Point-of-care echocardiograms
All POC echocardiograms were performed using the same protocol with a portable ultrasound system (Vivid q by GE, Milwaukee, WI). Study echocardiograms were limited and included only the apical imaging window utilizing the 4-chamber, 2-chamber, and long axis views. After the recording of these ultrasound clips, the POC echocardiogram was considered complete and stored both in the ultrasound system and transmitted to our EchoPAC (GE Milwaukee, WI, USA) workstation for subsequent offline analysis by an investigator who was blinded to treatment, all clinical and laboratory variables and outcome.
Strain analysis
Offline analysis was conducted according to the recommendation of the American Society of Echocardiography and the European Society of Cardiovascular Imaging using commercially available software (EchoPAC version 110.1.1 BT 11, GE Milwaukee, WI, USA). We calculated GLS from the baseline POC echocardiogram and again from the 2nd POC echocardiogram performed 23 h following enrollment using the embedded Automated Function Imaging (AFI) tool. Using the longitudinal strain tracings (Fig. 2), LV MDI was subsequently calculated for baseline and repeat POC echocardiograms by calculating standard deviation of the time-to-peak longitudinal (negative) strain for each of the segments analyzed. All of the strain analyses were performed by a single operator (MF) who was blinded to all of the clinical, radiological and laboratory data at the time of analysis. The automated tracings provided by the AFI software were utilized without any manual adjustments unless it was noted by the operator that the automatic tracings of the endocardial border were grossly inappropriate. Only echocardiograms with frame rates between 40 and 80 frames per second were included for analysis. Echocardiograms that had more than 1 non-trackable segment in a single imaging plane were excluded from analysis as GLS is unable to be calculated when any of the imaging planes are missing > 1 segmental strain. Our prior study demonstrated a very high inter-rater reliability between sonographers of with a concordance correlation coefficient of 0.993 [10].

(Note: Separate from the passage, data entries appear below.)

Lemma symmetric_unit_eigenvector n (S : 'M[R]_n.+1) : S^T = S ->
  exists a (u : 'rV[R]_n.+1), (u *m u^T) 0 0 = 1 /\ u *m S = a *: u.
Proof.
move=> /symmetric_eigenvalue_exists [a /eigenvalueP [v vS v_neq0]].
exists a, ((Num.sqrt ((v *m v^T) 0 0))^-1 *: v); split.
  rewrite linearZ /= -scalemxAl -scalemxAr scalerA [LHS]mxE -expr2 exprVn.
  by rewrite sqr_sqrtr ?sqnorm_row_ge0 // mulVf // sqnorm_row_eq0.
by rewrite -scalemxAl vS scalerA mulrC -scalerA.
Qed.

Lemma real_spectral n (S : 'M[R]_n) : S^T = S ->
  exists (P : 'M[R]_n) (D : 'rV[R]_n), P *m P^T = 1%:M /\ S = P^T *m diag_mx D *m P.
Proof.
elim: n S => [|n IH] S Ssym.
  by exists 1%:M, 0; split; [rewrite trmx1 mulmx1 | apply/matrixP => -[]].
move: S Ssym; rewrite -[n.+1]/(1 + n) => S Ssym.
have [a [u [u1 uS]]] := symmetric_unit_eigenvector Ssym.
have [Q [QQT Q0]] := orthomx_with_row0 u1.
have Q0S : row 0 Q *m S = a *: row 0 Q by rewrite Q0.
have := orthoconj_eigen_block Ssym QQT Q0S; set S' := drsubmx _ => QSQ.
have S'sym : S'^T = S'.
  by rewrite /S' trmx_drsub !trmx_mul trmxK Ssym mulmxA.
have [P' [D' [P'P'T S'E]]] := IH S' S'sym.
pose B : 'M[R]_(1 + n) := block_mx 1%:M 0 0 P'.
have BBT : B *m B^T = 1%:M.
  rewrite tr_block_mx mulmx_block !trmx0 trmx1 !mulmx0 !mul0mx !mulmx1 !addr0 !add0r.
  by rewrite P'P'T -scalar_mx_block.
exists (B *m Q), (row_mx (a%:M : 'rV[R]_1) D'); split.
  by rewrite trmx_mul mulmxA -(mulmxA B) QQT mulmx1 BBT.
have QTQ := mulmx1C QQT.
have -> : S = Q^T *m (Q *m S *m Q^T) *m Q by rewrite !mulmxA QTQ mul1mx -mulmxA QTQ mulmx1.
rewrite QSQ S'E (diag_mx_row (a%:M : 'rV_1) D') trmx_mul !mulmxA.
congr (_ *m _); rewrite -!mulmxA; congr (_ *m _).
rewrite /B tr_block_mx !trmx0 trmx1 !mulmx_block !mulmx0 !mul0mx !mulmx1 !mul1mx.
rewrite !addr0 !add0r !mulmxA mulmx0.
by rewrite (_ : diag_mx _ = a%:M) //; apply/matrixP => i j; rewrite !ord1 !mxE.
Qed.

Primary outcomes and data analysis
All statistical analyses were performed using SAS 9.4. Categorical variables were compared using Chi squared, or Fisher’s exact test in cases were expected cell counts was insufficient, and continuous measures were compared using the paired T test and Wilcoxon Rank sum (both approaches were consistent in categorizing results at the 0.05 significance level). Logistic regression was performed to investigate the relationship between GLS, MDI, and our primary outcome which was readmission or death within 30 days of discharge. We assessed initial, final, and percent change to investigate whether absolute measure, or directional trends in MDI and GLS were useful predictors of patient outcome. Single and multiple logistic regressions were performed using measures of MDI and GLS individually, and in combination. The c-statistic [area under receiver–operator characteristic curve (AUC)] was reported as a measure of logistic regression performance, and Wald’s Chi square was used to evaluate predictor significance in each model.